*** Opening EXERCISE MATERIAL ***

(* Let $n \ge 1$, let $N=\{1,\dots,n\}$ be a set of agents, $A=[0,1]$, and let $f$ be an ordered weighted average (OWA) mechanism with weights $w_1,\dots,w_n \in [0,1]$, $\sum_{j=1}^n w_j = 1$. Then $f$ is not obviously manipulable (NOM) if and only if either (i) $w_j = 1$ for some $j \in \{1,\dots,n\}$, or (ii) $w_1 = w_n = 0$.
   Context: A mechanism is a map $f: A^n \to A$ taking a profile $x=(x_i)_{i\in N}$ of reported locations (peaks) and returning a facility location. For $x_i$ the true location of agent $i$ and $y\in A$ the facility location, agent $i$'s utility is $u(x_i,y) = 1-|x_i-y|$. Write $f(x_i', x_{-i})$ for the output when agent $i$ reports $x_i'$ and the others report $x_{-i}\in A^{n-1}$. An OWA mechanism with weights $w_1,\dots,w_n$ returns $f(x)=\sum_{j=1}^n w_j x_{\pi(j)}$, where $\pi$ is a permutation of $N$ with $x_{\pi(1)}\le x_{\pi(2)}\le\dots\le x_{\pi(n)}$ (the $j$-th weight is applied to the $j$-th smallest report). $f$ satisfies NOM if for every $i\in N$ and all $x_i, x_i' \in A$: $\max_{x_{-i}\in A^{n-1}} u(x_i, f(x_i,x_{-i})) \ge \max_{x_{-i}\in A^{n-1}} u(x_i, f(x_i',x_{-i}))$ and $\min_{x_{-i}\in A^{n-1}} u(x_i, f(x_i,x_{-i})) \ge \min_{x_{-i}\in A^{n-1}} u(x_i, f(x_i',x_{-i}))$. *)

From mathcomp Require Import all_boot all_order all_algebra.
From mathcomp Require Import boolp classical_sets reals.
Set Implicit Arguments. Unset Strict Implicit. Unset Printing Implicit Defensive.
Import Order.TTheory GRing.Theory Num.Theory.
Local Open Scope ring_scope.
Local Open Scope classical_set_scope.

Section Facility.
Variables (R : realType) (n : nat).

Definition inA (a : R) : Prop := 0 <= a <= 1.
Definition profile_in_A (x : 'I_n -> R) : Prop := forall j, inA (x j).

Definition util (xi y : R) : R := 1 - `|xi - y|.

Definition upd (x : 'I_n -> R) (i : 'I_n) (a : R) : 'I_n -> R :=
  fun j => if j == i then a else x j.
End Dominant.

End RegularIntegrality.

Section Lattice.
Variables (K : fieldType) (m : nat) (R : {pred K}) (p n : nat).
Hypotheses (hR : subring_closed R) (hm2 : (2 <= m)%N).
HB.instance Definition _ := GRing.isSubringClosed.Build K R hR.
Implicit Types (lam : 'rV[K]_m).

Lemma lattice_cond_sdot lam b :
  lattice_cond R p n lam -> lattice_cond R p n (sdot (alpha K b) lam).
Proof.
move=> hl r hr; set c := ev lam (alpha K b) + 1.
set S := \sum_i r i * form (alpha K b) (alpha K i).
have SR : S \in R.
  apply: (@rpred_sum _ R) => i _; case: (isInt_form_alpha K hm2 b i) => z ->.
  by rewrite rpredM ?rpred_int.
have -> : \sum_i r i * ev (sdot (alpha K b) lam) (alpha K i) =
    \sum_i r i * ev lam (alpha K i) - c * S.
  rewrite mulr_sumr -sumrB; apply: eq_bigr => i _.
  by rewrite /ev /sdot formBl formZl -/(ev _ _) (form_shift_alpha hm2) /c; ring.
have hb : (p ^ n)%:R * (S * ev lam (alpha K b)) \in R.
  have := hl (fun i => (i == b)%:R * S) (fun i => rpredM (rpred_nat _ _) SR).
  rewrite (bigD1 b) //= big1 => [|i /negbTE ->]; last by rewrite !mul0r.
  by rewrite eqxx mul1r addr0.
have -> : (p ^ n)%:R * (\sum_i r i * ev lam (alpha K i) - c * S) =
    (p ^ n)%:R * (\sum_i r i * ev lam (alpha K i)) -
    ((p ^ n)%:R * (S * ev lam (alpha K b)) + (p ^ n)%:R * S).
  by rewrite /c; ring.
by apply: rpredB (hl r hr) (rpredD hb (rpredM (rpred_nat _ _) SR)).
Qed.

Lemma lattice_cond_sdots bs lam : lattice_cond R p n lam -> lattice_cond R p n (sdots bs lam).
Proof. by elim: bs lam => //= b bs IH lam /(lattice_cond_sdot b); apply: IH. Qed.

End Lattice.

Theorem proposition3p54 (K : fieldType) (R : {pred K}) (p n m : nat) :
  [pchar K] =i pred0 -> prime p -> odd p -> subring_closed R ->
  (3 <= m)%N ->
  forall lam : 'rV[K]_m,
    lattice_cond R p n lam -> ~ regular_integral lam ->
    exists bs : seq 'I_m,
      (forall (s1 s2 : seq 'I_m) (b : 'I_m), bs = s1 ++ b :: s2 ->
         ~ isNat (ev (sdots s1 lam) (alpha K b))) /\
      in_S R p n (sdots bs lam).
Proof.
move=> hchar _ _ hR hm lam hlat hnreg; have hm2 := ltnW hm.
have [lam1 r1 hgood1] := reachable_nonint_connected hm lam.
have [lam2 r2 [hgood2 hneg2]] := reachable_no_negint hchar hm2 hgood1.
have [bs hadm ebs] := reachable_trans r1 r2; subst lam2.
exists bs; split; first exact: admissibleP.
split=> //; first exact: lattice_cond_sdots.
move=> /(coord_regular_dominant hm2) /(coord_regular_sdots hm2).
by move/regular_integral_coord.
Qed.
Inductive formula : Type :=
| FTrue | FFalse
| FEq (s : sort) (a b : term s)
| FDiv (N : nat) (a b : term (RVs N))
| FOplus (N : nat) (a b c : term (RVs N))
| FHens (N d : nat) (a : term (RVs N)) (bs : terms (nseq d.+1 (RVs (sqidx N))))
| FRel (r : rsym L) (ts : terms (map RVs (rdom r)))
| FNot (p : formula) | FAnd (p q : formula) | FOr (p q : formula)
| FEx (s : sort) (i : nat) (p : formula)
| FAll (s : sort) (i : nat) (p : formula).

Fixpoint fvt (s : sort) (t : term s) {struct t} : seq var :=
  match t with
  | Var s i => [:: (s, i)]
  | VZero | VOne | RZero _ | ROne _ => [::]
  | VAdd a b | VMul a b | RMul _ a b => fvt a ++ fvt b
  | VOpp a | Rv _ a | RvNM _ _ a _ => fvt a
  | Fun _ ts => fvts ts
  end
with fvts (ss : seq sort) (ts : terms ss) {struct ts} : seq var :=
  match ts with
  | TNil => [::]
  | TCons _ _ t ts => fvt t ++ fvts ts
  end.

Fixpoint fv (p : formula) : seq var :=
  match p with
  | FTrue | FFalse => [::]
  | FEq _ a b | FDiv _ a b => fvt a ++ fvt b
  | FOplus _ a b c => fvt a ++ fvt b ++ fvt c
  | FHens _ _ a bs => fvt a ++ fvts bs
  | FRel _ ts => fvts ts
  | FNot p => fv p
  | FAnd p q | FOr p q => fv p ++ fv q
  | FEx s i p | FAll s i p => [seq v <- fv p | v != (s, i)]
  end.

Fixpoint qf (p : formula) : bool :=
  match p with
  | FNot p => qf p
  | FAnd p q | FOr p q => qf p && qf q
  | FEx _ _ _ | FAll _ _ _ => false
  | _ => true
  end.

Fixpoint esimple (p : formula) : bool :=
  match p with
  | FEx (RVs _) _ q => esimple q
  | _ => qf p
  end.

End Syntax.

Definition in_max (K : fieldType) (O : pred K) (x : K) : bool :=
  O x && ((x == 0) || ~~ O x^-1).

Record hvf := HVF {
  hK : fieldType;
  hO : pred hK;
  hO1 : hO 1;
  hOD : forall x y, hO x -> hO y -> hO (x + y);
  hON : forall x, hO x -> hO (- x);
  hOM : forall x y, hO x -> hO y -> hO (x * y);
  hOval : forall x, x != 0 -> hO x \/ hO x^-1;
  hnontriv : exists x, ~~ hO x;
  hchar0 : forall n, (n.+1)%:R != 0 :> hK;
  hhensel : forall (p : {poly hK}) (a : hK),
      (forall i, hO p`_i) -> hO a -> in_max hO p.[a] -> ~~ in_max hO (p^`()).[a] ->
      exists b, [/\ hO b, p.[b] = 0 & in_max hO (b - a)]
}.

(* x and y have the same image in RV_{N+1} = K^x/(1+(N+1)M) u {0} *)
Definition rv_eq (F : hvf) (N : nat) (x y : hK F) : Prop :=
  (x = 0 /\ y = 0) \/
  [/\ x != 0, y != 0 & in_max (@hO F) ((x / y - 1) / (N.+1)%:R)].

Fixpoint rv_eqs (F : hvf) (Ns : seq nat) (xs ys : seq (hK F)) : Prop :=
  match Ns, xs, ys with
  | [::], [::], [::] => True
  | N :: Ns', x :: xs', y :: ys' => rv_eq N x y /\ rv_eqs Ns' xs' ys'
  | _, _, _ => False
  end.

(* Every sort is represented by the field K: VF literally, and RV_{N+1} by
   representatives modulo rv_eq N (the class of 0 being {0}). *)
Record structure (L : lang) := Str {
  sF : hvf;
  fint : fsym L -> seq (hK sF) -> hK sF;
  rint : rsym L -> seq (hK sF) -> Prop;
  fcongr : forall g xs ys, rv_eqs (fdom g) xs ys -> rv_eq (fcod g) (fint g xs) (fint g ys);
  rcongr : forall r xs ys, rv_eqs (rdom r) xs ys -> (rint r xs <-> rint r ys)
}.

Section Semantics.
Variables (L : lang) (M : structure L).
Local Notation K := (hK (sF M)).
Local Notation O := (@hO (sF M)).

Definition env := sort -> nat -> K.
Definition upd (e : env) (s : sort) (i : nat) (a : K) : env :=
  fun s' j => if (s', j) == (s, i) then a else e s' j.

Fixpoint eval (e : env) (s : sort) (t : term L s) {struct t} : K :=
  match t with
  | Var s i => e s i
  | VZero => 0 | VOne => 1
  | VAdd a b => eval e a + eval e b
  | VOpp a => - eval e a
  | VMul a b => eval e a * eval e b
  | RZero _ => 0 | ROne _ => 1
  | RMul _ a b => eval e a * eval e b
  | Rv _ a => eval e a
  | RvNM _ _ a _ => eval e a
  | Fun g ts => fint g (evals e ts)
  end
with evals (e : env) (ss : seq sort) (ts : terms L ss) {struct ts} : seq K :=
  match ts with
  | TNil => [::]
  | TCons _ _ t ts => eval e t :: evals e ts
  end.

Definition sort_eq (s : sort) (x y : K) : Prop :=
  match s with VFs => x = y | RVs N => rv_eq N x y end.
(* Let $G$ be a connected $3$-regular multigraph, possibly with loops, embedded on a sphere $\Sigma$. If a noose $\gamma$ with respect to $G$ is $\frac{2}{3}$-edge-balanced, then it is also $\frac{2}{3}$-face-balanced.
   Context: A loop contributes $2$ to the degree of its vertex. A noose with respect to $G$ is a directed closed curve on $\Sigma$ that intersects the embedding of $G$ only in vertices of $G$, visits at least one vertex, and visits every face of $G$ at most once. It splits $\Sigma$ into the enclosed open disk (to its right) and the excluded open disk (to its left). $\mathrm{enc}(\gamma,G)$ (resp. $\mathrm{exc}(\gamma,G)$) consists of the vertices and edges of $G$ embedded in the closure of the enclosed (resp. excluded) disk. $\gamma$ is $\alpha$-edge-balanced if $|E(\mathrm{enc}(\gamma,G))|\le\alpha|E(G)|$ and $|E(\mathrm{exc}(\gamma,G))|\le\alpha|E(G)|$. $\gamma$ is $\alpha$-face-balanced if the number of faces of $G$ contained in the enclosed disk (strictly enclosed faces) and the number of faces of $G$ contained in the excluded disk (strictly excluded faces) are each at most $\alpha|F(G)|$, where $F(G)$ is the set of faces of $G$; faces traversed by $\gamma$ count for neither. *)

From mathcomp Require Import all_boot all_order all_algebra all_fingroup.
Set Implicit Arguments. Unset Strict Implicit. Unset Printing Implicit Defensive.
Import Order.TTheory GRing.Theory Num.Theory.

Section Maps.
Variable D : finType.  (* darts = half-edges *)
(* s : rotation of the darts around their vertex (vertices = s-orbits);
   a : edge involution (edges = a-orbits, loops allowed: both darts of an
   edge may lie in the same s-orbit, so a loop contributes 2 to the degree). *)
Variables s a : {perm D}.

Definition phi (d : D) : D := s (a d).

(* A corner is named by a dart x : it is the angle between x and s x at the
   vertex of x; it lies in the face (phi-orbit) of s x. *)

Definition multigraph_map : Prop :=
  (forall d, a (a d) = d) /\ (forall d, a d != d).

Definition n_vertices := fcard s D.
Definition n_edges := fcard a D.
Definition n_faces := fcard phi D.

Definition cubic : Prop := forall d, fingraph.order s d = 3.

Definition connected_map : Prop :=
  forall x y, connect (fun u v => (v == s u) || (v == a u)) x y.

(* the (connected, orientable) rotation system is an embedding on the
   sphere: genus 0, i.e. Euler's formula V - E + F = 2 *)
Definition spherical : Prop := (n_vertices + n_faces = n_edges + 2)%N.

(* A noose visiting k.+1 vertices: at its i-th vertex it enters through
   corner (A i) and leaves through corner (B i) (both at that vertex); it
   then runs inside the face of corner (B i) to the corner A (i+1 mod k.+1). *)
Definition noose k (A B : 'I_k.+1 -> D) : Prop :=
  [/\ forall i, fconnect s (A i) (B i),
      forall i j, i != j -> ~~ fconnect s (A i) (A j),
      forall i, fconnect phi (s (B i)) (s (A (ordS i))) &
      forall i j, i != j -> ~~ fconnect phi (s (B i)) (s (B j))].

Definition on_noose k (A : 'I_k.+1 -> D) (d : D) : bool :=
  [exists i, fconnect s (A i) d].

(* lab : D -> bool is the side of the noose on which each dart (hence each
   edge) lies: true = enclosed side, false = excluded side.  At a visited
   vertex the darts s(A i), s^2(A i), ..., B i (going around the rotation
   from the entry corner to the exit corner) are on the enclosed side, the
   others on the excluded side; the two darts of an edge are on the same
   side (edges do not meet the curve); and at a non-visited vertex all darts
   are on the same side. *)
Definition noose_sides k (A B : 'I_k.+1 -> D) (lab : pred D) : Prop :=
  [/\ forall d, lab (a d) = lab d,
      forall d, ~~ on_noose A d -> lab (s d) = lab d &
      forall i d, fconnect s (A i) d ->
        lab d = (findex s (s (A i)) d <= findex s (s (A i)) (B i))%N].

Definition traversed k (B : 'I_k.+1 -> D) (d : D) : bool :=
  [exists i, fconnect phi d (s (B i))].

Definition face_on_side k (B : 'I_k.+1 -> D) (lab : pred D) (b : bool)
    (d : D) : bool :=
  ~~ traversed B d && [forall y, fconnect phi d y ==> (lab y == b)].

Definition edges_on_side (lab : pred D) (b : bool) : nat :=
  fcard a [pred d | lab d == b].

Definition faces_on_side k (B : 'I_k.+1 -> D) (lab : pred D) (b : bool) :=
  fcard phi (face_on_side B lab b).

Definition edge_balanced (al : rat) (lab : pred D) : Prop :=
  forall b, ((edges_on_side lab b)%:R <= al * n_edges%:R)%R.

Definition face_balanced (al : rat) k (B : 'I_k.+1 -> D) (lab : pred D) :
  Prop :=
  forall b, ((faces_on_side B lab b)%:R <= al * n_faces%:R)%R.

End Maps.

From mathcomp Require Import all_boot all_order all_algebra all_fingroup.
From mathcomp Require Import zify.
Set Implicit Arguments. Unset Strict Implicit. Unset Printing Implicit Defensive.

(* Cut the sphere along the noose and keep the darts of one side, adding two
   new darts at every visited vertex so that the noose becomes a cycle of new
   edges.  In the resulting map the faces strictly on that side survive, each
   traversed face yields a face through a new edge, and the new darts close up
   one more face.  Euler's inequality V + E + F <= #darts + 2 #components for
   this map, with vertices of degree at most 3, gives 3 F_b <= E_b + 3 for the
   F_b faces and E_b edges strictly on side b.  Edge balance 3 E_b <= 2 E and
   Euler's formula 3 F = E + 6 for cubic spherical maps then give
   9 F_b <= 2 E + 9 < 6 F.  The excluded side is the enclosed side of the
   reversed noose. *)

Section PermOrbits.
Variable T : finType.
Implicit Types (p : {perm T}) (e : rel T).

Lemma porbit_fixed p x y : p x = x -> y \in porbit p x -> y = x.
Proof.
move=> px /porbitP[i ->]; elim: i => [|i IH]; first by rewrite expg0 perm1.
by rewrite expgSr permM IH px.
Qed.

Lemma porbit_closed_sub p (S : {pred T}) x :
  x \in S -> (forall z, z \in S -> p z \in S) -> {subset porbit p x <= S}.
Proof.
move=> xS clS y /porbitP[i ->]; elim: i => [|i IH]; first by rewrite expg0 perm1.
by rewrite expgSr permM; apply: clS.
Qed.

Lemma connect_porbit p e x y :
  (forall z, connect e z (p z)) -> y \in porbit p x -> connect e x y.
Proof.
move=> pe /porbitP[i ->]; elim: i => [|i IH]; first by rewrite expg0 perm1 connect0.
by rewrite expgSr permM; apply: connect_trans IH (pe _).
Qed.

Lemma card_porbits1 : #|porbits (1 : {perm T})| = #|T|.
Proof.
rewrite card_imset // => u v eq_uv.
by apply: porbit_fixed (perm1 v) _; rewrite -eq_uv porbit_id.
Qed.

Lemma card_le_porbits p (W : {set T}) :
  {in W &, forall z1 z2, z2 \in porbit p z1 -> z2 = z1} -> #|W| <= #|porbits p|.
Proof.
move=> sepW; rewrite -(card_in_imset (f := porbit p)).
  by apply/subset_leq_card/imsetS/subsetP.
by move=> z1 z2 W1 W2 eq12; apply/esym/sepW; rewrite // -eq_porbit_mem eq12.
Qed.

*** Closing EXERCISE MATERIAL ***

| WHAT IS NEEDED |
From the entries above, restate word for word the lines from the line containing "Definition face_balanced (al" to the line containing "From mathcomp Require Import zify.", both ends included, and nothing more.

| SOLUTION TO THIS PROBLEM |
Definition face_balanced (al : rat) k (B : 'I_k.+1 -> D) (lab : pred D) :
  Prop :=
  forall b, ((faces_on_side B lab b)%:R <= al * n_faces%:R)%R.

End Maps.

From mathcomp Require Import all_boot all_order all_algebra all_fingroup.
From mathcomp Require Import zify.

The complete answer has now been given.